Restrict the output to the lines below starting at the one that contains "Lemma profile_jet_intro D" and ending at the one that contains "assert (Hd' : forall", and restate them word for word, both ends included.

%%

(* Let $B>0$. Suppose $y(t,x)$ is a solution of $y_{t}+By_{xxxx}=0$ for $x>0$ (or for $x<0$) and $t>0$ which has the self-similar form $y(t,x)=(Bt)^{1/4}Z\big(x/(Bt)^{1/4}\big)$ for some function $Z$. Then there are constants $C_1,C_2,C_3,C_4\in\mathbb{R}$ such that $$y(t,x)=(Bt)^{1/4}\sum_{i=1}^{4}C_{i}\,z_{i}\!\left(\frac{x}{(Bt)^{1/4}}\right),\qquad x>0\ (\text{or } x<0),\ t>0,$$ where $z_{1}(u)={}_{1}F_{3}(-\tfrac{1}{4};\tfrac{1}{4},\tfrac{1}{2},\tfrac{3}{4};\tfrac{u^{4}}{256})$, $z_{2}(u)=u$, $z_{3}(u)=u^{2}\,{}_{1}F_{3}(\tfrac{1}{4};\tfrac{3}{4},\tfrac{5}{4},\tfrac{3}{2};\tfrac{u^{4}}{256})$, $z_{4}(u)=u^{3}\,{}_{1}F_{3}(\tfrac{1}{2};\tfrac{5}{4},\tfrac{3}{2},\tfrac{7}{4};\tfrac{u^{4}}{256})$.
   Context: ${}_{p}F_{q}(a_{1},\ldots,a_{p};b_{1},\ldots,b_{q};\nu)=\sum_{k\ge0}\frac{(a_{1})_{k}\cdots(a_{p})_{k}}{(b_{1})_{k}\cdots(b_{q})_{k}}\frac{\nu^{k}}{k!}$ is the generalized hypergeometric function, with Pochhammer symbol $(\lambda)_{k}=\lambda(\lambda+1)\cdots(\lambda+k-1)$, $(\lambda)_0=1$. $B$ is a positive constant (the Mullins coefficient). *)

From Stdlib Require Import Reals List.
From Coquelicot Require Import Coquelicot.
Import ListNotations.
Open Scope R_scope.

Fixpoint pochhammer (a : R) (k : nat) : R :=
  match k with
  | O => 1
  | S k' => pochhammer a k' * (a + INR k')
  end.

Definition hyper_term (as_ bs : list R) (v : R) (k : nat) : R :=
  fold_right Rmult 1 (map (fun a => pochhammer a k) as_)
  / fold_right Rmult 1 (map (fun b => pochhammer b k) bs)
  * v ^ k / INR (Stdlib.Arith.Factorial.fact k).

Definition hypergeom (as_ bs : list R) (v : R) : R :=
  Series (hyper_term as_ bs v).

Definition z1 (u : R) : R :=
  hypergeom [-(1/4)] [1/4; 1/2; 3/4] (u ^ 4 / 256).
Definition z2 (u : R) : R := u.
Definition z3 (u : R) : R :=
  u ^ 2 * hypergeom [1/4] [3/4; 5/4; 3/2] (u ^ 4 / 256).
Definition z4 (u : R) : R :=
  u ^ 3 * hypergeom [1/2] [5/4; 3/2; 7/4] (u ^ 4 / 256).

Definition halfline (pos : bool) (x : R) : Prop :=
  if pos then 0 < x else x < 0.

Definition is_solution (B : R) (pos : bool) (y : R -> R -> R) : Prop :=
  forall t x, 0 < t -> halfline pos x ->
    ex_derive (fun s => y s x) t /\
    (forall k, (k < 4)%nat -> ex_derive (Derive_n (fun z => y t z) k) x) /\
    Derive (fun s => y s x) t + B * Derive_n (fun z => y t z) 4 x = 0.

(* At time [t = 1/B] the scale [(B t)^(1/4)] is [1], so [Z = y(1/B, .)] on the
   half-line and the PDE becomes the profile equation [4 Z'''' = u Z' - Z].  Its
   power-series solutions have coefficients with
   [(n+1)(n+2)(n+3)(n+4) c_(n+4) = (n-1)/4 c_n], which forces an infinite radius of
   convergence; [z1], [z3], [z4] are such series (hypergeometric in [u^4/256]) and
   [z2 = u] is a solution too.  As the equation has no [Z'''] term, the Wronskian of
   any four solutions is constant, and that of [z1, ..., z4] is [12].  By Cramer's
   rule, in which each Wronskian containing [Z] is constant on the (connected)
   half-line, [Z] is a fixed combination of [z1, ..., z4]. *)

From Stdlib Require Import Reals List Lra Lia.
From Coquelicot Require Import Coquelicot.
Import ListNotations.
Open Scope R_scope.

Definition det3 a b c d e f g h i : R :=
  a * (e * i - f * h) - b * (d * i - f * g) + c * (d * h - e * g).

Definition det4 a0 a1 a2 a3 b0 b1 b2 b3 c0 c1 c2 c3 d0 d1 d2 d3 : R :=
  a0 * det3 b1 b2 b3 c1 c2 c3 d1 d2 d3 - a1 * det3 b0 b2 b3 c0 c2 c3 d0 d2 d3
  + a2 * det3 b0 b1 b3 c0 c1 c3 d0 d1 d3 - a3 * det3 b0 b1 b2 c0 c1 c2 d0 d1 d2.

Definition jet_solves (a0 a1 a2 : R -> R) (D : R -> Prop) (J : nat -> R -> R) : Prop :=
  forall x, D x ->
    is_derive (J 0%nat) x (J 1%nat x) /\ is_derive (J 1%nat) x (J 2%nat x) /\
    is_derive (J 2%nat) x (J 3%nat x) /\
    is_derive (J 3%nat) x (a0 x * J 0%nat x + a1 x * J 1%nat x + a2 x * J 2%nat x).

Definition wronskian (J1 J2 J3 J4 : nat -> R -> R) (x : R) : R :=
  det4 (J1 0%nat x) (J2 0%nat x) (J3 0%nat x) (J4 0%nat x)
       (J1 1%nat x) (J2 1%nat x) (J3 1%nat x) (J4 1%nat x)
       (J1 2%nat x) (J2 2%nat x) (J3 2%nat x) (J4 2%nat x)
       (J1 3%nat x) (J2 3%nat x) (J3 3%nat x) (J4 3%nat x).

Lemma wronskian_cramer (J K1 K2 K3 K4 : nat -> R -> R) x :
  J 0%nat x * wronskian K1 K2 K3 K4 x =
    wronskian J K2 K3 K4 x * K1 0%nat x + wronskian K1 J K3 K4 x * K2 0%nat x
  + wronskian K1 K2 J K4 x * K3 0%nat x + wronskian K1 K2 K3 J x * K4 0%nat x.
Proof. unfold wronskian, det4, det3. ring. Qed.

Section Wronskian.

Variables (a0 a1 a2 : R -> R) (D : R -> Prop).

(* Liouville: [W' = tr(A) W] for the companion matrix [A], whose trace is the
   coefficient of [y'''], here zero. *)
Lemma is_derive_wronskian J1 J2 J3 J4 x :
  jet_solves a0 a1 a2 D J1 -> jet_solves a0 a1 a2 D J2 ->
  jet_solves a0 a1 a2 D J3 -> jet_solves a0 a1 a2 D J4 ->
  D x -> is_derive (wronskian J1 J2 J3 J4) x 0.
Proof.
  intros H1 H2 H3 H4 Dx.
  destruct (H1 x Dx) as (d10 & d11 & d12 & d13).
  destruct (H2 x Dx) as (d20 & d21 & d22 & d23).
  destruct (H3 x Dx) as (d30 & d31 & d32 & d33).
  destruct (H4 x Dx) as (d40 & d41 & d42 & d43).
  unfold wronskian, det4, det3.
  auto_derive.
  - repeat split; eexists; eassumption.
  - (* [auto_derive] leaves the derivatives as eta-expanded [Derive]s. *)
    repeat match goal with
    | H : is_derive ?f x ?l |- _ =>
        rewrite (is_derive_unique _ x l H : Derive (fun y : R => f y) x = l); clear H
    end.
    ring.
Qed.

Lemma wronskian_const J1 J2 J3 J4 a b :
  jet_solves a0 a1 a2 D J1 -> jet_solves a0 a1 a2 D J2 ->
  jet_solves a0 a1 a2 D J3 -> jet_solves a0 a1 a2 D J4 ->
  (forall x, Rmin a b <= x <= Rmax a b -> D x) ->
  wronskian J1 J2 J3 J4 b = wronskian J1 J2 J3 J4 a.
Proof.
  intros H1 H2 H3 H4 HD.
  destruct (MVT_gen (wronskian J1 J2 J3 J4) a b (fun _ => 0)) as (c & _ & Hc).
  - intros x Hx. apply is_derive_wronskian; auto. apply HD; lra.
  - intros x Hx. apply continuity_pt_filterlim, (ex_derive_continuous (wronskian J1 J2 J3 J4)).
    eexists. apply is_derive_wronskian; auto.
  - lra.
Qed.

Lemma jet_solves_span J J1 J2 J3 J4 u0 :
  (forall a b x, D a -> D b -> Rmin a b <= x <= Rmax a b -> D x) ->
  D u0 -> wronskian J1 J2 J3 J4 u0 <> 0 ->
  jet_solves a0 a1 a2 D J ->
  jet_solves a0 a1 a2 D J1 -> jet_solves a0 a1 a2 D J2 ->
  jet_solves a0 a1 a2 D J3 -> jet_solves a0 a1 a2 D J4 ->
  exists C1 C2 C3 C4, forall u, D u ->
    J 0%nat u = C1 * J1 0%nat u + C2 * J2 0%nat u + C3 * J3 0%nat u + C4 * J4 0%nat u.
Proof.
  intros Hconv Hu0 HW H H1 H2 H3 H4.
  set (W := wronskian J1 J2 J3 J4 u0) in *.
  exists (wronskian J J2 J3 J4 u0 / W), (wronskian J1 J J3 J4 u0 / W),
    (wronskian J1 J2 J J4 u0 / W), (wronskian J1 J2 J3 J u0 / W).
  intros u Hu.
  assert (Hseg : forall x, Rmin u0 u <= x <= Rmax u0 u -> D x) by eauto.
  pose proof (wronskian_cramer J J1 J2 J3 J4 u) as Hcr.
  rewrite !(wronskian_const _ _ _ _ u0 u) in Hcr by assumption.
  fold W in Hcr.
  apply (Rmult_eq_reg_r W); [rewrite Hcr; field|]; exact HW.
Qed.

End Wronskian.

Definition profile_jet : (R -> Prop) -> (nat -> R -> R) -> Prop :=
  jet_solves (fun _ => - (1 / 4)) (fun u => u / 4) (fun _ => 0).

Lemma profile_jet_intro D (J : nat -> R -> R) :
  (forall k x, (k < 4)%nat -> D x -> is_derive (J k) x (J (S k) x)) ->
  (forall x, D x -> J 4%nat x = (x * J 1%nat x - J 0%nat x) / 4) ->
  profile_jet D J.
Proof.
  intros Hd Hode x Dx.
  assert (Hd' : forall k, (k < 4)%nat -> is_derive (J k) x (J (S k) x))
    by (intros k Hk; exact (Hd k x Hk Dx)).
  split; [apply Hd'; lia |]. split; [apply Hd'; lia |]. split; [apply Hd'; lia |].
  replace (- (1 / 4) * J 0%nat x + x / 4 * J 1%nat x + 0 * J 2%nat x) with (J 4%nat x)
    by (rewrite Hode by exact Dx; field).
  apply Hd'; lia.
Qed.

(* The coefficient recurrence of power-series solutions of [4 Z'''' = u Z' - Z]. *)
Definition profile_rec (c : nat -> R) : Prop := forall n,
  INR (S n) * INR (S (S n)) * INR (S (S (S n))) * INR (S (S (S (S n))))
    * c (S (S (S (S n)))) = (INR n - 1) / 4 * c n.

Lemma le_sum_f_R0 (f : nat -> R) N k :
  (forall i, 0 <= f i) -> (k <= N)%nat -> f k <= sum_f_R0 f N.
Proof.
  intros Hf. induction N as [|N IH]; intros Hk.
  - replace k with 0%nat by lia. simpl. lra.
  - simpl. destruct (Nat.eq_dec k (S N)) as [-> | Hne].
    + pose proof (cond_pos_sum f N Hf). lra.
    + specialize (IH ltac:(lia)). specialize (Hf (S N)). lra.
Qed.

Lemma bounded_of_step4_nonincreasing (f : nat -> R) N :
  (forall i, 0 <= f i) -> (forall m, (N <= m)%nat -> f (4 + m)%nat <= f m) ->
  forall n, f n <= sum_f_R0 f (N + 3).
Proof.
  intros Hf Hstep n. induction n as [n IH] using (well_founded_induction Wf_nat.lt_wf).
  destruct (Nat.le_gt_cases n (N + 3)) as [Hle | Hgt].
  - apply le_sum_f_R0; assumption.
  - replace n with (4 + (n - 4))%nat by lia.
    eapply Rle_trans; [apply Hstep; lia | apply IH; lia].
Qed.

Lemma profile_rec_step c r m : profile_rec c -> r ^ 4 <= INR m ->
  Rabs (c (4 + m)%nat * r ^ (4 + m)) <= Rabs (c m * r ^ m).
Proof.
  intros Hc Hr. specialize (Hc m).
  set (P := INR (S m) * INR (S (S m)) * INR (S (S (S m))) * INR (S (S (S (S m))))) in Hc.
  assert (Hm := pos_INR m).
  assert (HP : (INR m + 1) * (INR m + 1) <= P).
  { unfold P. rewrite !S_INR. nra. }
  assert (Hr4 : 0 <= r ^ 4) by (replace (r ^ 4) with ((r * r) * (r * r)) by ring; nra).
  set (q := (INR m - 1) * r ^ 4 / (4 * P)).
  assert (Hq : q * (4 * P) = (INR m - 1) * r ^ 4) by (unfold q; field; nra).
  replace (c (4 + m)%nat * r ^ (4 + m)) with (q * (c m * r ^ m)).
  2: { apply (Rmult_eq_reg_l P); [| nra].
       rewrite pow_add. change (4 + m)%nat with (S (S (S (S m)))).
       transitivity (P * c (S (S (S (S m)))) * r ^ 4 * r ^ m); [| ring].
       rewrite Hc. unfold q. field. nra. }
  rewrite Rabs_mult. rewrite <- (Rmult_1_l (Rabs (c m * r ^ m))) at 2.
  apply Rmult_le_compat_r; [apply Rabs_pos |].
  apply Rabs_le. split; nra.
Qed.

%%

• _Response to the task_:
Lemma profile_jet_intro D (J : nat -> R -> R) :
  (forall k x, (k < 4)%nat -> D x -> is_derive (J k) x (J (S k) x)) ->
  (forall x, D x -> J 4%nat x = (x * J 1%nat x - J 0%nat x) / 4) ->
  profile_jet D J.
Proof.
  intros Hd Hode x Dx.
  assert (Hd' : forall k, (k < 4)%nat -> is_derive (J k) x (J (S k) x))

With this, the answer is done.